**Task to carry out**:
Since only part of the material below is wanted, output exactly the lines from the one with "pose r := lasso_obj (fun=> 0) / lam." up to and including the one with "pose box := [set".

--

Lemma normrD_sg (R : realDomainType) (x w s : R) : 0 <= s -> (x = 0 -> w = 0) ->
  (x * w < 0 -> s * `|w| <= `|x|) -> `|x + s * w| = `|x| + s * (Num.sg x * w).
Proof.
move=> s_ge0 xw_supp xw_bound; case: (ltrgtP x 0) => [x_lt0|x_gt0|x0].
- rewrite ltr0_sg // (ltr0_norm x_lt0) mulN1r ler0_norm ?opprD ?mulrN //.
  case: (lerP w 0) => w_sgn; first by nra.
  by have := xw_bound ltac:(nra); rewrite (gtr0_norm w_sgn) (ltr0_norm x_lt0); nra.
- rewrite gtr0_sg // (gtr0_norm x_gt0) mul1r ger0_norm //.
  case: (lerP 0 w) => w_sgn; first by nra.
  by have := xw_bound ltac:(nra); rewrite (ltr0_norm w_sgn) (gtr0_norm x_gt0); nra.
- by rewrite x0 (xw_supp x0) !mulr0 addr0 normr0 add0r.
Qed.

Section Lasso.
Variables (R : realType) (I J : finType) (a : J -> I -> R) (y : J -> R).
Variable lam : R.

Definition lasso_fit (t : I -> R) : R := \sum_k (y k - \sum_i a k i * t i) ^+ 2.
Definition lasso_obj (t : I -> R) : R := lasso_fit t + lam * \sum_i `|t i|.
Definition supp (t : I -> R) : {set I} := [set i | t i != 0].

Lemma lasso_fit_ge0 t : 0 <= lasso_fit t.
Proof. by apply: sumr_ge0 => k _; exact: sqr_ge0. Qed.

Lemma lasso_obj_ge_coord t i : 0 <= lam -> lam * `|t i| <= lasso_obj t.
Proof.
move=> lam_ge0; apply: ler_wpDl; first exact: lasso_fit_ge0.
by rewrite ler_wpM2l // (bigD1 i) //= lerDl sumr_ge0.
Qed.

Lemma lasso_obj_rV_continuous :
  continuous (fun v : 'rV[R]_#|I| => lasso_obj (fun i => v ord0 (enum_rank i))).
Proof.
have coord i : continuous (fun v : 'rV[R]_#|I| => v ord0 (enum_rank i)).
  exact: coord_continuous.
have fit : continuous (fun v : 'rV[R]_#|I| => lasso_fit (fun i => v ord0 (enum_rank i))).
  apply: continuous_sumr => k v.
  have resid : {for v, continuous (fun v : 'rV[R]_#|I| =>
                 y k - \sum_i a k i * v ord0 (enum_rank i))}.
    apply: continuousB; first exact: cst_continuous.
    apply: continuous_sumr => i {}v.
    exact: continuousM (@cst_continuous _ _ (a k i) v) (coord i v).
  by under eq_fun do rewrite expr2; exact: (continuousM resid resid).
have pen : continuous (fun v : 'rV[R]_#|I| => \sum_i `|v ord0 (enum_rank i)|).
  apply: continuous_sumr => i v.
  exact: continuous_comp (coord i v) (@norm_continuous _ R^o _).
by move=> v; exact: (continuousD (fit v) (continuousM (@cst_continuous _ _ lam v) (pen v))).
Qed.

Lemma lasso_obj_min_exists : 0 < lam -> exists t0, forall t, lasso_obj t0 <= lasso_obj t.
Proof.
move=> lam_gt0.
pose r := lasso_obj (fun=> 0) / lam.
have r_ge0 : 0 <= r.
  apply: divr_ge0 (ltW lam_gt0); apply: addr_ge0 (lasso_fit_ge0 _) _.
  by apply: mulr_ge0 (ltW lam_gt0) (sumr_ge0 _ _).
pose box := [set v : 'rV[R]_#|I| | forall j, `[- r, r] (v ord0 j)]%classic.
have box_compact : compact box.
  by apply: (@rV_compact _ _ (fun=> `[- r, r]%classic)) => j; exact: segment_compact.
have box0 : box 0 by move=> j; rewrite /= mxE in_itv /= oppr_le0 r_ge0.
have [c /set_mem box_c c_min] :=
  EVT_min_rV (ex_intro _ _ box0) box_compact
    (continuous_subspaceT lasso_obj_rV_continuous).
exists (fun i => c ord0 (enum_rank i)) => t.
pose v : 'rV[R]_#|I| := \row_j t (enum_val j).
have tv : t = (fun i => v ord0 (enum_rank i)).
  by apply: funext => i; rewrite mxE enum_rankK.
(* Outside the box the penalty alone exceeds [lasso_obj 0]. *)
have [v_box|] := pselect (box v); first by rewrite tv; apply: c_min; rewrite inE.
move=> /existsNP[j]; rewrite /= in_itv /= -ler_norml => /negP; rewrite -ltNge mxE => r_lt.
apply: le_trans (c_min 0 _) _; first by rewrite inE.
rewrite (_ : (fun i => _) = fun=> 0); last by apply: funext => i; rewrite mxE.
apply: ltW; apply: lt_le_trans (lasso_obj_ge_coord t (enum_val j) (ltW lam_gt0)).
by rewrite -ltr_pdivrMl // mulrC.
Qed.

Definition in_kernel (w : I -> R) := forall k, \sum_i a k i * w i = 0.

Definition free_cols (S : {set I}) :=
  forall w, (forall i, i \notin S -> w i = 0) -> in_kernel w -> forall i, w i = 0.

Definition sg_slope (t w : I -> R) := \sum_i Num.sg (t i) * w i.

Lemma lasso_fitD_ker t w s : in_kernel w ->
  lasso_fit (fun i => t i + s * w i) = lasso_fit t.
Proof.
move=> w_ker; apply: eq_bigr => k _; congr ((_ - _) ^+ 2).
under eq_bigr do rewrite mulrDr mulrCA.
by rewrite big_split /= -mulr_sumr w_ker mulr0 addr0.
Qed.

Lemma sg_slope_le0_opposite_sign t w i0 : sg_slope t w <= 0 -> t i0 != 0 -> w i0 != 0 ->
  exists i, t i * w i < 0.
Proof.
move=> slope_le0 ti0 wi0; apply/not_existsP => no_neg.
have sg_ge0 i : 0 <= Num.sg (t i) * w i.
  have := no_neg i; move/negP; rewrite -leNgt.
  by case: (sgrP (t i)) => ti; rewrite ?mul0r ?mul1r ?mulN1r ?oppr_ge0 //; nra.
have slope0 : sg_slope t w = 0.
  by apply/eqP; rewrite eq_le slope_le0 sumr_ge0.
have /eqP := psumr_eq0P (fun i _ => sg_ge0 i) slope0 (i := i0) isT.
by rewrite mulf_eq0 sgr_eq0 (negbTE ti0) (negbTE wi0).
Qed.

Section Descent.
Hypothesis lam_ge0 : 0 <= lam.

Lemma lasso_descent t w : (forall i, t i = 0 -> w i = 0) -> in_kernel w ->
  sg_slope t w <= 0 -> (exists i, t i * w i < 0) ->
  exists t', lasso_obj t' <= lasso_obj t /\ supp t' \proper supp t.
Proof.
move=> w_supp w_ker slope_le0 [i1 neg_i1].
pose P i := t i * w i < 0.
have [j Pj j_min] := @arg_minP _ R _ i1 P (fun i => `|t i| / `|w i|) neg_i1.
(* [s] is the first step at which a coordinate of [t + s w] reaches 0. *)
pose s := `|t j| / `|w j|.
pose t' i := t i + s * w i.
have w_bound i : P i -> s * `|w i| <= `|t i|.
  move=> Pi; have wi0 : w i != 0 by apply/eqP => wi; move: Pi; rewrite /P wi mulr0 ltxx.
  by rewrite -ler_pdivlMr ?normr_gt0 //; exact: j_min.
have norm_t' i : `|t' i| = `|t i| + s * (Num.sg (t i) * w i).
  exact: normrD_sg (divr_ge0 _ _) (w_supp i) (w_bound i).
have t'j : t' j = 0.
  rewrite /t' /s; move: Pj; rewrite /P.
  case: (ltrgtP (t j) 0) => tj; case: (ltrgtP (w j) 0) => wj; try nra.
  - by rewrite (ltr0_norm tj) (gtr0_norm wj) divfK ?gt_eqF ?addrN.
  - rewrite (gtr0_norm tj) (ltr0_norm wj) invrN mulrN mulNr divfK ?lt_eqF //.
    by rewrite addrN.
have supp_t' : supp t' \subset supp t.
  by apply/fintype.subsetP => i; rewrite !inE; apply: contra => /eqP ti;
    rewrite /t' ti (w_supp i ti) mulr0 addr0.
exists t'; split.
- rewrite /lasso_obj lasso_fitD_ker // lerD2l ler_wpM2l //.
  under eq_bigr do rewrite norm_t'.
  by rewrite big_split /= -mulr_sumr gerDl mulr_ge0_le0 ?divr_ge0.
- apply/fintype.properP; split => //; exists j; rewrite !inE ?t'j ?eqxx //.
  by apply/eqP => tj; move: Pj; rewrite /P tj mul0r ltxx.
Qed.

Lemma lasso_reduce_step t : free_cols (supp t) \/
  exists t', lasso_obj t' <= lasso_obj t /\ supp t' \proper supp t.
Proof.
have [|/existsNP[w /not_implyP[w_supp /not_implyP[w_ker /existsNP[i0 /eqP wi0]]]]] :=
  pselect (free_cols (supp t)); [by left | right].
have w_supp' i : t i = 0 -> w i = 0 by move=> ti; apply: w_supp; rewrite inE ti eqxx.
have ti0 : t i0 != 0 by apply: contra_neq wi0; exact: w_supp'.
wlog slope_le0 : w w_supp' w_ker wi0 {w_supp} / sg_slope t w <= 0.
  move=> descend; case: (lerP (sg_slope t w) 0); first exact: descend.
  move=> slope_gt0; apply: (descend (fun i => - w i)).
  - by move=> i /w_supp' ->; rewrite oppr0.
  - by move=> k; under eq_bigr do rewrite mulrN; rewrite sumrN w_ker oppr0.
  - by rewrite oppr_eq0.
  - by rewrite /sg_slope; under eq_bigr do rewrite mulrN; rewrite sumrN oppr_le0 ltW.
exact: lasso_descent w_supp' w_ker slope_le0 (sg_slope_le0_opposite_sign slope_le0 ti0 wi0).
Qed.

--

**Written answer**:
pose r := lasso_obj (fun=> 0) / lam.
have r_ge0 : 0 <= r.
  apply: divr_ge0 (ltW lam_gt0); apply: addr_ge0 (lasso_fit_ge0 _) _.
  by apply: mulr_ge0 (ltW lam_gt0) (sumr_ge0 _ _).
pose box := [set v : 'rV[R]_#|I| | forall j, `[- r, r] (v ord0 j)]%classic.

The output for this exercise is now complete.